Zwar werden Freith und sein Team zweimal die Woche mit Basisprodukten beliefert, Gemüselieferungen finden jedoch nur auf Abruf statt und der Rest wird auf den Punkt eingekauft. Leckerbissen wie der Kaiserschmarren, der heute auf dem Speisplan steht, werden natürlich nicht gekauft, sondern selbst gemacht. „Dafür steht ein Kollege vier Stunden lang an der Pfanne, danach wird der gezupft und später im Ofen regeneriert“, sagt Freith. „Regeneriert“ bedeutet: Er wird kurz vor Ausgabe in einem modernen Gerät mit Dampf und Wärme noch einmal erwärmt. Auch das Pflaumenkompott stellen die Kollegen selbst her.
Steaks werden schon zwei Tage vorher geschnitten und lecker mariniert. Später heißt es auch hier: eher schmoren als kurzbraten. Bei Eintöpfen dagegen gilt: „Zweimal aufgewärmt schmeckt‘s besser als beim ersten Mal“, so Freith.
Abgesehen davon ist es wichtig, den Servicegedanken verinnerlicht zu haben – das gilt vor allem für die Kräfte, die die Bewohner des großen Heimes bedienen; ganz gleich, ob es solche aus dem Betreuten Wohnen oder aus dem stationären Pflegebereich sind. „Und wenn jemand eine Kugel Eis möchte, dann bekommt er die von uns gebracht – auch wenn wir dafür in den fünften Stock müssen“, sagt der Küchenchef.
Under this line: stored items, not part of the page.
(* Let $f:(k+1)^V\to\mathbb{R}$ be $k$-submodular with multilinear extension $F$, and let $e_{i,j}\in\mathbb{R}^{n\times k}$ denote the standard basis vector with a $1$ in coordinate $(i,j)$. Then: (1) for every $x\in\mathcal P$ and every direction $d\in\mathbb{R}^{n\times k}$ with $d\ge 0$, the function $t\mapsto F(x+td)$ is concave on $\{t: x+td\in\mathcal P\}$; (2) for every $x\in\mathcal P$ and all $i_1\neq i_2\in[n]$, $j_1,j_2\in[k]$, the function $t\mapsto F(x+t(e_{i_1,j_1}-e_{i_2,j_2}))$ is convex on $\{t: x+t(e_{i_1,j_1}-e_{i_2,j_2})\in\mathcal P\}$; (3) for all $i\in[n]$, $j\in[k]$, $\partial F/\partial x_{i,j}$ does not depend on the coordinates $x_{i,1},\dots,x_{i,k}$ (it is constant when all $x_{i',j'}$ with $i'\neq i$ are fixed); (4) if $x,y\in\mathcal P$ with $x\le y$ entrywise, then $\frac{\partial F}{\partial x_{i,j}}(x)\ge\frac{\partial F}{\partial x_{i,j}}(y)$ for all $i\in[n]$, $j\in[k]$.
   Context: Let $V=[n]=\{1,\dots,n\}$ and let $k\ge 1$ be an integer. Write $(k+1)^V$ for the set of $k$-tuples $S=(S_1,\dots,S_k)$ of pairwise disjoint subsets of $V$. For $S,T\in(k+1)^V$ let $S\sqcap T=(S_1\cap T_1,\dots,S_k\cap T_k)$ and let $S\sqcup T$ be the tuple whose $j$-th component is $(S_j\cup T_j)\setminus\bigcup_{l\neq j}(S_l\cup T_l)$. A function $f:(k+1)^V\to\mathbb{R}$ is $k$-submodular if $f(S)+f(T)\ge f(S\sqcap T)+f(S\sqcup T)$ for all $S,T\in(k+1)^V$. Let $\mathcal P=\{x\in[0,1]^{n\times k}:\sum_{j=1}^k x_{i,j}\le 1\ \forall i\in[n]\}$. The multilinear extension of $f$ is the polynomial $F(x)=\sum_{S\in(k+1)^V} f(S_1,\dots,S_k)\Big(\prod_{j\in[k]}\prod_{i\in S_j}x_{i,j}\Big)\prod_{i\in V\setminus\bigcup_j S_j}\Big(1-\sum_{j=1}^k x_{i,j}\Big)$, considered on $\mathcal P$. *)

From HB Require Import structures.
From mathcomp Require Import all_boot all_order all_algebra.
From mathcomp Require Import all_classical all_reals.
From mathcomp Require Import topology normedtype derive.
Set Implicit Arguments. Unset Strict Implicit. Unset Printing Implicit Defensive.
Import Order.TTheory GRing.Theory Num.Theory numFieldNormedType.Exports.
Local Open Scope ring_scope.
Natürlich muss man sich auch zu helfen wissen, wenn mal etwas schief geht im hektischen und komplexen Küchenbetrieb. „Klar ist mal eine Sauce so abgebunden, dass die nicht die richtige Konsistenz hat, es ist auch mal etwas versalzen“, konzediert Freith. Dann schreiten er und die ganz erfahrenen Kräfte ein und versuchen, noch etwas zu kompensieren oder rauszuholen.
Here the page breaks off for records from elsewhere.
(* Let $k\geq2$ and let $a_1\leq a_2\leq\dots\leq a_k$ be positive integers with $\gcd(a_1,\dots,a_k)=1$, let $S=\langle a_1,\dots,a_k\rangle$, and let $\alpha\geq a_1a_2$ be an integer. Then $$n(S,\alpha)\leq a_1^{k-1}\left(\left\lfloor\frac{\alpha}{a_1}-a_2\right\rfloor+1\right)+\sum_{\lambda=0}^{a_2-1}\left(\left\lfloor a_1\cdot\frac{\lambda+\{\alpha/a_1\}}{a_2}\right\rfloor+1\right)^{k-1}.$$
   Context: $S=\langle a_1,\dots,a_k\rangle=\{\lambda_1a_1+\dots+\lambda_ka_k:\lambda_i\in\mathbb{Z}_{\geq0}\}$; $n(S,\alpha)$ is the number of elements $s\in S$ with $s\leq\alpha$; $\{t\}=t-\lfloor t\rfloor$ denotes the fractional part. *)

From mathcomp Require Import all_boot all_order all_algebra.
From Stdlib Require Import ClassicalEpsilon.
Set Implicit Arguments. Unset Strict Implicit. Unset Printing Implicit Defensive.
Import Order.TTheory GRing.Theory Num.Theory.

(* The generators a_1,...,a_k are a 0, ..., a (k-1). *)
Definition in_semigroup (k : nat) (a : nat -> nat) (s : nat) : Prop :=
  exists lam : nat -> nat, s = \sum_(i < k) lam i * a i.

Definition in_semigroupb (k : nat) (a : nat -> nat) (s : nat) : bool :=
  if excluded_middle_informative (in_semigroup k a s) then true else false.

Definition nS (k : nat) (a : nat -> nat) (alpha : nat) : nat :=
  #|[set s : 'I_alpha.+1 | in_semigroupb k a s]|.

Definition fracr (t : rat) : rat := t - (Num.floor t)%:~R.

From mathcomp Require Import all_boot all_order all_algebra.
Import Order.TTheory GRing.Theory Num.Theory.
From Stdlib Require Import ClassicalEpsilon.
From mathcomp Require Import zify ring.
Set Implicit Arguments. Unset Strict Implicit. Unset Printing Implicit Defensive.

(* Reducing the coefficients of a_2, ..., a_k modulo a_1 writes every s in S
   as s = m a_1 + sum_j v_j a_j with 0 <= v_j < a_1, so n(S, alpha) is at most
   the number of pairs (m, v) with m a_1 + sum_j v_j a_j <= alpha.  Write
   alpha = q a_1 + r.  For m > q there is no such v; for m <= q - a_2 there are
   at most a_1^(k-1); for m = q - lambda with lambda < a_2 every v_j satisfies
   v_j a_2 <= v_j a_j <= lambda a_1 + r, which leaves at most
   (floor((lambda a_1 + r) / a_2) + 1)^(k-1) choices. *)

Lemma card_ord_leq (A L : nat) : #|[pred i : 'I_A | i <= L]| <= L.+1.
Proof.
have := @leq_card_in _ _ (fun i : 'I_A => (inord i : 'I_L.+1)) [pred i : 'I_A | i <= L].
rewrite card_ord; apply=> i j i_le j_le /(congr1 (@nat_of_ord _)).
by rewrite !inordK ?ltnS // => /val_inj.
Qed.

Section ResidueCount.
Variables (n : nat) (a : nat -> nat) (alpha : nat).
Local Notation A := (a 0).
Local Notation B := (a 1).
Hypothesis A_gt0 : 0 < A.

Definition residue_weight (v : {ffun 'I_n -> 'I_A}) := \sum_(j < n) v j * a j.+1.

Definition fibre (m : nat) :=
  [set v : {ffun 'I_n -> 'I_A} | m * A + residue_weight v <= alpha].

Lemma in_semigroup_residue s : in_semigroup n.+1 a s ->
  exists m (v : {ffun 'I_n -> 'I_A}), s = m * A + residue_weight v.
Proof.
case=> lam ->; rewrite big_ord_recl /=.
exists (lam 0 + \sum_(j < n) lam j.+1 %/ A * a j.+1).
exists [ffun j : 'I_n => Ordinal (ltn_pmod (lam j.+1) A_gt0)].
rewrite /residue_weight mulnDl big_distrl /= -addnA -big_split /=; congr (_ + _).
by apply: eq_bigr => j _; rewrite ffunE /= mulnAC -mulnDl -divn_eq.
Qed.

Lemma nS_le_sum_card_fibre : nS n.+1 a alpha <= \sum_(m < alpha.+1) #|fibre m|.
Proof.
set D := [set x : 'I_alpha.+1 * {ffun 'I_n -> 'I_A} | x.2 \in fibre x.1].
have -> : \sum_(m < alpha.+1) #|fibre m| = #|D|.
  under eq_bigr => m _ do rewrite -sum1_card.
  by rewrite -sum1_card pair_big_dep; apply: eq_bigl => x; rewrite !inE.
pose f (x : 'I_alpha.+1 * {ffun 'I_n -> 'I_A}) : 'I_alpha.+1 :=
  inord (x.1 * A + residue_weight x.2).
apply: leq_trans (leq_imset_card f D).
apply/subset_leq_card/subsetP => s; rewrite inE /in_semigroupb.
case: excluded_middle_informative => // /in_semigroup_residue [m [v s_eq]] _.
have m_lt : m < alpha.+1.
  apply: leq_ltn_trans (ltn_ord s); rewrite s_eq.
  by apply: leq_trans (leq_addr _ _); rewrite leq_pmulr.
apply/imsetP; exists (Ordinal m_lt, v); first by rewrite !inE /= -s_eq -ltnS.
by apply: ord_inj; rewrite inordK /= -s_eq.
Qed.

Lemma card_fibre_le_pow m : #|fibre m| <= A ^ n.
Proof. by rewrite -[A in A ^ _]card_ord -[n in _ ^ n]card_ord -card_ffun max_card. Qed.

Lemma fibre_eq0 m : alpha < m * A -> fibre m = set0.
Proof.
move=> lt_alpha; apply/setP => v; rewrite !inE; apply/negbTE.
by rewrite -ltnNge (leq_trans lt_alpha) ?leq_addr.
Qed.

Hypothesis B_gt0 : 0 < B.
Hypothesis B_min : forall j, j < n -> B <= a j.+1.

Lemma card_fibre_le_quot m : #|fibre m| <= ((alpha - m * A) %/ B).+1 ^ n.
Proof.
set L := (alpha - m * A) %/ B.
have fibre_on : fibre m \subset ffun_on_mem 'I_n (mem [pred i : 'I_A | i <= L]).
  apply/subsetP => v; rewrite inE => v_in; apply/ffun_onP => j.
  rewrite inE /L leq_divRL // leq_subRL; last exact: leq_trans (leq_addr _ _) v_in.
  apply: leq_trans v_in; rewrite leq_add2l /residue_weight (bigD1 j) //=.
  by rewrite (leq_trans _ (leq_addr _ _)) ?leq_mul2l ?B_min ?orbT.
apply: leq_trans (subset_leq_card fibre_on) _.
rewrite card_ffun_on card_ord; have [->|n_gt0] := posnP n; first by rewrite !expn0.
by rewrite leq_exp2r // card_ord_leq.
Qed.

Hypothesis AB_le : A * B <= alpha.

Lemma sum_card_fibre_le : \sum_(m < alpha.+1) #|fibre m| <=
  A ^ n * (alpha %/ A - B).+1 + \sum_(l < B) ((l * A + alpha %% A) %/ B).+1 ^ n.
Proof.
set q := alpha %/ A; set r := alpha %% A.
have B_le_q : B <= q by rewrite /q leq_divRL // mulnC.
have alpha_eq : alpha = q * A + r := divn_eq alpha A.
rewrite -(big_mkord xpredT (fun m => #|fibre m|)).
rewrite (@big_cat_nat _ _ _ q.+1) ?ltnS ?leq_div //=.
have tail_eq0 : \sum_(q.+1 <= m < alpha.+1) #|fibre m| = 0.
  rewrite big_nat_cond big1 // => m /andP[/andP[q_lt _] _].
  by rewrite fibre_eq0 ?cards0 // (leq_trans (ltn_ceil alpha A_gt0)) ?leq_mul.
rewrite tail_eq0 addn0.
rewrite (@big_cat_nat _ _ _ (q - B + 1)) //=; last by lia.
apply: leq_add.
  apply: leq_trans (leq_sum _ (fun m (_ : true) => card_fibre_le_pow m)) _.
  by rewrite sum_nat_const_nat subn0 mulnC addn1.
apply: leq_trans (leq_sum _ (fun m (_ : true) => card_fibre_le_quot m)) _.
rewrite -{1}[q - B + 1]add0n big_addn (_ : q.+1 - (q - B + 1) = B); last by lia.
rewrite big_nat_rev big_mkord; apply/eq_leq/eq_bigr => l _.
have l_lt := ltn_ord l.
have lA_le : l * A <= q * A by rewrite leq_mul2r (leq_trans (ltnW l_lt) B_le_q) orbT.
rewrite (_ : 0 + B - l.+1 + (q - B + 1) = q - l); last by lia.
by rewrite mulnBl {1}alpha_eq; congr ((_ %/ _).+1 ^ _); lia.
Qed.

End ResidueCount.

Lemma floor_natr_div (R : archiRealFieldType) (m d : nat) : 0 < d ->
  (Num.floor (m%:R / d%:R : R) = (m %/ d)%:Z)%R.
Proof.
move=> d_gt0; apply: floor_def.
rewrite ler_pdivlMr ?ltr0n // ltr_pdivrMr ?ltr0n //.
rewrite -[(_ + 1)%R]PoszD -!pmulrn -!natrM ler_nat ltr_nat.
by rewrite leq_divM addn1 ltn_ceil.
Qed.

Lemma fracr_natr_div (m d : nat) : 0 < d ->
  (fracr (m%:Q / d%:Q) = (m %% d)%N%:Q / d%:Q)%R.
Proof.
move=> d_gt0; rewrite /fracr floor_natr_div // {1}(divn_eq m d).
have d_neq0 : (d%:Q != 0)%R by rewrite pnatr_eq0 -lt0n.
by rewrite -pmulrn natrD natrM; field.
Qed.

Theorem mainTheorem8 (k : nat) (a : nat -> nat) (alpha : nat) :
  2 <= k ->
  (forall i, i < k -> 0 < a i) ->
  (forall i j, i <= j -> j < k -> a i <= a j) ->
  \big[gcdn/0]_(i < k) a i = 1 ->
  a 0 * a 1 <= alpha ->
  ((nS k a alpha)%:Z <=
     (a 0%N)%:Z ^+ (k.-1) *
        (Num.floor ((alpha%:Q / (a 0%N)%:Q) - (a 1%N)%:Q) + 1) +
      \sum_(lam < a 1%N)
        (Num.floor ((a 0%N)%:Q * ((lam%:Q + fracr (alpha%:Q / (a 0%N)%:Q)) / (a 1%N)%:Q)) + 1)
          ^+ (k.-1))%R.
Proof.
case: k => [|[|n]] // _ a_gt0 a_mono _ AB_le /=.
have A_gt0 : 0 < a 0 by apply: a_gt0.
have B_gt0 : 0 < a 1 by apply: a_gt0.
have B_min j : j < n.+1 -> a 1 <= a j.+1 by move=> j_lt; apply: a_mono.
have B_le_q : a 1 <= alpha %/ a 0 by rewrite leq_divRL // mulnC.
have A_neq0 : ((a 0)%:R != 0 :> rat)%R by rewrite pnatr_eq0 -lt0n.
have B_neq0 : ((a 1)%:R != 0 :> rat)%R by rewrite pnatr_eq0 -lt0n.
have floor_lam (l : nat) : (Num.floor ((a 0)%:Q * ((l%:Q + fracr (alpha%:Q / (a 0)%:Q))
    / (a 1)%:Q)) = ((l * a 0 + alpha %% a 0) %/ a 1)%:Z)%R.
  rewrite fracr_natr_div // -(floor_natr_div rat) //; congr Num.floor.
  by rewrite -!pmulrn natrD natrM; field; rewrite A_neq0 B_neq0.
under eq_bigr => l _ do rewrite floor_lam -PoszD addn1 -natz -natrX.
rewrite floorDrz ?rpredN ?rpred_nat // floor_natr_div // floorN ?rpred_nat // intrKfloor.
rewrite subzn // -[Posz (a 0)]natz -natrX natz [(_ + 1)%R]addrC -intS -PoszM.
rewrite -natr_sum natz -PoszD lez_nat.
exact: leq_trans (nS_le_sum_card_fibre n.+1 alpha A_gt0)
  (sum_card_fibre_le A_gt0 B_gt0 B_min AB_le).
Qed.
Der Rest ist Kommunikation. „Man muss eben auch mal die Größe haben und die Hintergründe mitteilen. Zum Beispiel, dass die Reibekuchen frisch gemacht wurden und jetzt eben keine mehr da sind.“
Es sind ein paar neue Schweißtropfen dazu gekommen. Jetzt zieht es Freith in den Schatten, zurück in die Küche. Vorher noch ein Rundum-Blick über die angewachsene Gästeschar auf der Terrasse und im geräumigen Speiseraum, ein nettes Lächeln für die Dame, die mit ihrer Gehhilfe am Salatbuffet Station gemacht hat. Dann tritt er entschlossenen Schritts in die Küche, die automatische Tür geht hinter ihm zu. Im Saal sitzen zufriedene Senioren und genießen.
Fakten über Freith
Pascal Freith ist seit sechs Jahren Küchenleiter in der Seniorenresidenz Curanum Köln am Rhein, die es seit 26 Jahren gibt.
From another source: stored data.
(* Let $J_1,J_2$ be either (i) Lennard-Jones potentials: $J_1(z)=\frac{k_1}{z^{12}}-\frac{k_2}{z^6}$ for $z>0$, $J_1(z)=+\infty$ for $z\le0$, with $k_1,k_2>0$, and $J_2(z)=J_1(2z)$; or (ii) Morse potentials: $J_1(z)=k_1\big(1-e^{-k_2(z-\delta_1)}\big)^2-k_1$ for $z\in\mathbb R$ with $\delta_1,k_1,k_2>0$, and $J_2(z)=J_1(2z)$. Let $\delta_1$ be the unique minimizer of $J_1$ and $\gamma$ the unique minimizer of $J_0$. Then $J_1(\gamma)<0$, $J_2(\gamma)<0$, $J_2(\delta_1)<0$, $J_2(\gamma)>2J_2\big(\frac{\delta_1+\gamma}{2}\big)$, and $$R(t):=J_2\Big(\frac{\gamma+t}{2}\Big)+\frac12\big(J_1(\gamma)+J_1(t)\big)-J_0(\gamma)-\frac32\big(J_{CB}(t)-J_0(\gamma)\big)\le0\quad\text{for all }t\in\operatorname{dom}J_1.$$ Furthermore, for every $\theta>0$ there exists $\eta_\theta>0$ such that $J_2\big(\frac{t+\gamma}{2}\big)<0$ for all $t\in\operatorname{dom}J_1$ with $J_1(t)<J_1(\theta)+2\eta_\theta$.
   Context: $J_{CB}:=J_1+J_2$; $J_0(z):=J_2(z)+\frac12\inf\{J_1(z_1)+J_1(z_2):z_1+z_2=2z\}$. It is known (from prior work) that these potentials satisfy the standing hypotheses of the paper; in particular $J_0$ has a unique minimizer $\gamma>0$, which coincides with the unique minimizer of $J_{CB}$, and $J_0(\gamma)=J_{CB}(\gamma)$. *)

From Stdlib Require Import Reals Lra ClassicalEpsilon.
Open Scope R_scope.

Inductive potential : Type :=
  | LennardJones (k1 k2 : R)
  | MorsePot (d1 k1 k2 : R).

Definition valid (p : potential) : Prop :=
  match p with
  | LennardJones k1 k2 => 0 < k1 /\ 0 < k2
  | MorsePot d1 k1 k2 => 0 < d1 /\ 0 < k1 /\ 0 < k2
  end.

Definition dom (p : potential) (z : R) : Prop :=
  match p with
  | LennardJones _ _ => 0 < z
  | MorsePot _ _ _ => True
  end.

(* Real-valued J1; outside [dom p] (value +oo in the paper) the value
   is an irrelevant placeholder and is never used. *)
Definition J1 (p : potential) (z : R) : R :=
  match p with
  | LennardJones k1 k2 => k1 / z ^ 12 - k2 / z ^ 6
  | MorsePot d1 k1 k2 => k1 * (1 - exp (- k2 * (z - d1))) ^ 2 - k1
  end.

Definition J2 (p : potential) (z : R) : R := J1 p (2 * z).

Definition JCB (p : potential) (z : R) : R := J1 p z + J2 p z.

Definition is_lb (E : R -> Prop) (m : R) : Prop := forall x, E x -> m <= x.
Definition is_glb (E : R -> Prop) (m : R) : Prop :=
  is_lb E m /\ (forall b, is_lb E b -> b <= m).
Definition Rinf (E : R -> Prop) : R :=
  epsilon (inhabits 0) (fun m => is_glb E m).

(* J0(z) = J2(z) + 1/2 inf { J1 z1 + J1 z2 : z1 + z2 = 2 z }, the infimum
   being over pairs with finite value, i.e. z1, z2 in dom J1. *)
Definition J0 (p : potential) (z : R) : R :=
  J2 p z + / 2 * Rinf (fun s => exists z1 z2, dom p z1 /\ dom p z2 /\
                                  z1 + z2 = 2 * z /\ s = J1 p z1 + J1 p z2).

Definition unique_minimizer (p : potential) (f : R -> R) (x : R) : Prop :=
  dom p x /\ forall z, dom p z -> z <> x -> f x < f z.

From Stdlib Require Import Reals Lra Lia ClassicalEpsilon.
Open Scope R_scope.

(* Under the substitution y = k1 / (k2 z^6) (Lennard-Jones), resp.
   y = exp (- k2 (z - d1)) (Morse), J1 and J2 become polynomials in y, and the
   midpoint of two points corresponds to a mean of their y-values (between the
   harmonic and arithmetic means, resp. exactly the geometric mean).  This
   bounds the infimum in J0 from below by the minimum of J_CB, so gamma is the
   minimizer of J_CB and J0 gamma = J_CB gamma: y(gamma) = 2080/4097, resp. the
   positive root of 2 B^2 y^3 + (1 - 2B) y - 1 with B = exp (- k2 d1).  Every
   claim is then a polynomial inequality in y. *)

Lemma is_glb_exists (E : R -> Prop) (L : R) :
  (exists x, E x) -> is_lb E L -> exists m, is_glb E m.
Proof.
  intros [x0 Hx0] HL.
  destruct (completeness (fun y => E (- y))) as [M [HM_ub HM_least]].
  - exists (- L). intros y Hy. specialize (HL _ Hy). lra.
  - exists (- x0). rewrite Ropp_involutive. exact Hx0.
  - exists (- M). split.
    + intros x Hx. assert (H : - x <= M) by (apply HM_ub; rewrite Ropp_involutive; exact Hx).
      lra.
    + intros b Hb. assert (H : M <= - b).
      { apply HM_least. intros y Hy. specialize (Hb _ Hy). lra. }
      lra.
Qed.

Lemma is_glb_Rinf (E : R -> Prop) (L : R) :
  (exists x, E x) -> is_lb E L -> is_glb E (Rinf E).
Proof.
  intros HE HL. unfold Rinf. apply epsilon_spec. exact (is_glb_exists E L HE HL).
Qed.

Lemma unique_minimizer_eq (p : potential) (f : R -> R) (x y : R) :
  unique_minimizer p f x -> dom p y -> (forall z, dom p z -> f y <= f z) -> x = y.
Proof.
  intros [Hx Hmin] Hy Hy_min. destruct (Req_dec x y) as [E|E]; [exact E|].
  specialize (Hmin y Hy (not_eq_sym E)). specialize (Hy_min x Hx). lra.
Qed.

Section J0_bounds.

Variables (p : potential) (m : R).
Hypothesis pair_bound : forall z1 z2, dom p z1 -> dom p z2 ->
  m <= J1 p (z1 + z2) + / 2 * (J1 p z1 + J1 p z2).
Angefangen hat der Mann aus Siegburg im Jahr 2003 mit einer dreijährigen Ausbildung zum Koch. Er blieb noch ein Jahr als Jungkoch im Betrieb – dem Restaurant „Loreley“ in Königswinter. Danach wechselte er ins Restaurant seines Onkels nach Lohmar, bevor er das erste Mal in eine Curanum-Einrichtung ging – zunächst als Koch, dann als Küchenleiter. Im Juni 2012 der Sprung an die Rheinbeuge.
Vor drei Jahren absolvierte der „leidenschaftliche Fleischesser“ berufsbegleitend bei der IHK in Koblenz noch die Zusatzqualifikation zum Verpflegungsbetriebswirt.
Mit seinem 22-köpfigen Team kocht er sieben Tage die Woche das komplette Jahr im Schichtdienst. Von morgens früh bis zum Abend – zwischendurch gibt es Kaffee, Kuchen, bis hin zur Vollpension.
Zu den Aufgaben Freiths gehören nicht nur Kochen und logistische Themen, sondern auch Personalführung und Einstellung.
Freith ist verlobt, hat zwei Kinder. Und wer kocht zuhause? „Eher die Frau“, sagt er und grinst. Und wie schlägt sie sich? „Kann man mit arbeiten“, sagt er und grinst noch einmal.